Assignment
The answer must consist solely of the lines from the one containing "Lemma measurable_fun_clamp L" to the end of the entries below, repeated exactly.

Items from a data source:

◆ ◆ ◆ ◆ ◆

(* If m > t, uniqueness of the median gives P(Y <= t) < 1/2, whereas continuity
   from above of P gives P(Y <= t) >= lim P(Ys n <= t) >= 1/2. *)
Lemma Med1_le_of_seq Y (Ys : nat -> T -> R) m (ms : nat -> R) t :
  measurable_fun setT Y -> (forall n, measurable_fun setT (Ys n)) ->
  Med P Y = [set m] -> (forall n, Med P (Ys n) (ms n)) -> (forall n, ms n <= t) ->
  (forall n k w, (n <= k)%N -> Ys n w <= Ys k w) ->
  (forall w, (forall n, Ys n w <= t) -> Y w <= t) -> m <= t.
Proof.
move=> mY mYs MY MYs mst Ys_incr Ys_lim; rewrite leNgt; apply/negP => tm.
have := Med1_prob_le_lt mY MY tm; rewrite ltNge => /negP; apply.
pose F n := [set w | Ys n w <= t].
have mF n : measurable (F n) by exact: measurable_fun_infty_c.
have half_F n : ((2^-1)%:E <= P (F n))%E.
  have [Pn _] := MYs n; apply: le_trans Pn _; apply: le_measure; rewrite ?inE //.
    exact: measurable_fun_infty_c.
  by move=> w /= h; apply: le_trans h (mst n).
apply: le_trans (prob_bigcap_ge mF _ half_F) _.
  by move=> n k nk; apply/subsetPset => w /= Ykt; exact: le_trans (Ys_incr n k w nk) Ykt.
apply: le_measure; rewrite ?inE; [exact: bigcapT_measurable | exact: measurable_fun_infty_c |].
by move=> w Fw; apply: Ys_lim => n; exact: Fw.
Qed.

Section MonotoneFamily.
Variables (Z : R -> T -> R) (m : R -> R).
Hypothesis mZ : forall g, 0 <= g <= 1 -> measurable_fun setT (Z g).
Hypothesis MZ : forall g, 0 <= g <= 1 -> Med P (Z g) = [set m g].
Hypothesis Z_mono : forall g h w, 0 <= g -> g <= h -> h <= 1 -> Z g w <= Z h w.

Lemma Med1_leftc b c : 0 < b <= 1 ->
  (forall w s, (forall g, 0 < g < b -> Z g w <= s) -> Z b w <= s) ->
  (forall g, 0 < g < b -> m g <= c) -> m b <= c.
Proof.
move=> /andP[b0 b1] Z_leftc mc.
pose al n : R := b - b / n.+2%:R.
have al_in n : 0 < al n < b.
  rewrite /al ltrBlDr ltrDl divr_gt0 ?ltr0n // andbT subr_gt0.
  by rewrite ltr_pdivrMr ?ltr0n // ltr_pMr // ltr1n.
have al0 n : 0 <= al n by have /andP[/ltW] := al_in n.
have al1 n : al n <= 1 by have /andP[_ /ltW/le_trans] := al_in n; apply.
have al_incr n k : (n <= k)%N -> al n <= al k.
  move=> nk; rewrite lerD2l lerN2 ler_wpM2l ?(ltW b0) // lef_pV2 ?posrE ?ltr0n //.
  by rewrite ler_nat !ltnS.
have al_cofinal g : g < b -> exists n, g <= al n.
  move=> gb; have bg : 0 < b - g by rewrite subr_gt0.
  exists (Num.bound (b / (b - g))).
  have := archi_boundP (divr_ge0 (ltW b0) (ltW bg)).
  rewrite ltr_pdivrMr // /al lerBrDr -lerBrDl => bnd.
  rewrite ler_pdivrMr ?ltr0n //; apply/ltW/(lt_le_trans bnd).
  by rewrite mulrC ler_wpM2l ?(ltW bg) // ler_nat -addn2 leq_addr.
apply: (Med1_le_of_seq (Y := Z b) (Ys := fun n => Z (al n)) (ms := fun n => m (al n))).
- by apply: mZ; rewrite (ltW b0).
- by move=> n; apply: mZ; rewrite al0 al1.
- by apply: MZ; rewrite (ltW b0).
- by move=> n; rewrite MZ ?al0 ?al1.
- by move=> n; apply: mc.
- by move=> n k w nk; apply: Z_mono; rewrite ?al0 ?al1 ?al_incr.
move=> w Zt; apply: Z_leftc => g /andP[g0 gb]; have [n gn] := al_cofinal g gb.
by apply: le_trans (Zt n); apply: Z_mono; rewrite ?(ltW g0) ?al1.
Qed.

Lemma Med1_right0 c :
  (forall w s, (forall g, 0 < g <= 1 -> s <= Z g w) -> s <= Z 0 w) ->
  (forall g, 0 < g <= 1 -> c <= m g) -> c <= m 0.
Proof.
move=> Z_right0 cm.
pose al n : R := n.+1%:R^-1.
have al_in n : 0 < al n <= 1 by rewrite invr_gt0 ltr0n invf_le1 ?ltr0n // ler1n.
have al0 n : 0 <= al n by have /andP[/ltW] := al_in n.
have al1 n : al n <= 1 by have /andP[] := al_in n.
have al_decr n k : (n <= k)%N -> al k <= al n.
  by move=> nk; rewrite lef_pV2 ?posrE ?ltr0n // ler_nat ltnS.
have al_cofinal g : 0 < g -> exists n, al n <= g.
  move=> g0; have gV : 0 <= g^-1 by rewrite invr_ge0 ltW.
  exists (Num.bound g^-1); rewrite -[leRHS]invrK lef_pV2 ?posrE ?invr_gt0 ?ltr0n //.
  by apply/ltW/(lt_le_trans (archi_boundP gV)); rewrite ler_nat.
rewrite -lerN2.
apply: (Med1_le_of_seq (Y := fun w => - Z 0 w) (Ys := fun n w => - Z (al n) w)
  (ms := fun n => - m (al n))).
- by apply: measurable_funN; apply: mZ; rewrite lexx ler01.
- by move=> n; apply: measurable_funN; apply: mZ; rewrite al0 al1.
- by apply: Med1N; apply: MZ; rewrite lexx ler01.
- by move=> n; apply/MedN; rewrite opprK MZ ?al0 ?al1.
- by move=> n; rewrite lerN2; apply: cm.
- by move=> n k w nk; rewrite lerN2; apply: Z_mono; rewrite ?al0 ?al1 ?al_decr.
move=> w Zc; rewrite lerN2; apply: Z_right0 => g /andP[g0 g1].
have [n ng] := al_cofinal g g0; apply: le_trans (_ : Z (al n) w <= _).
  by rewrite -lerN2.
by apply: Z_mono; rewrite ?al0.
Qed.

End MonotoneFamily.

Lemma measurable_fun_clamp L U t : measurable_fun setT L -> measurable_fun setT U ->
  measurable_fun setT (fun w => clamp (L w) (U w) t).
Proof. by move=> mL mU; apply: measurable_maxr => //; exact: measurable_minr. Qed.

◆ ◆ ◆ ◆ ◆

Solution to this exercise
Lemma measurable_fun_clamp L U t : measurable_fun setT L -> measurable_fun setT U ->
  measurable_fun setT (fun w => clamp (L w) (U w) t).
Proof. by move=> mL mU; apply: measurable_maxr => //; exact: measurable_minr. Qed.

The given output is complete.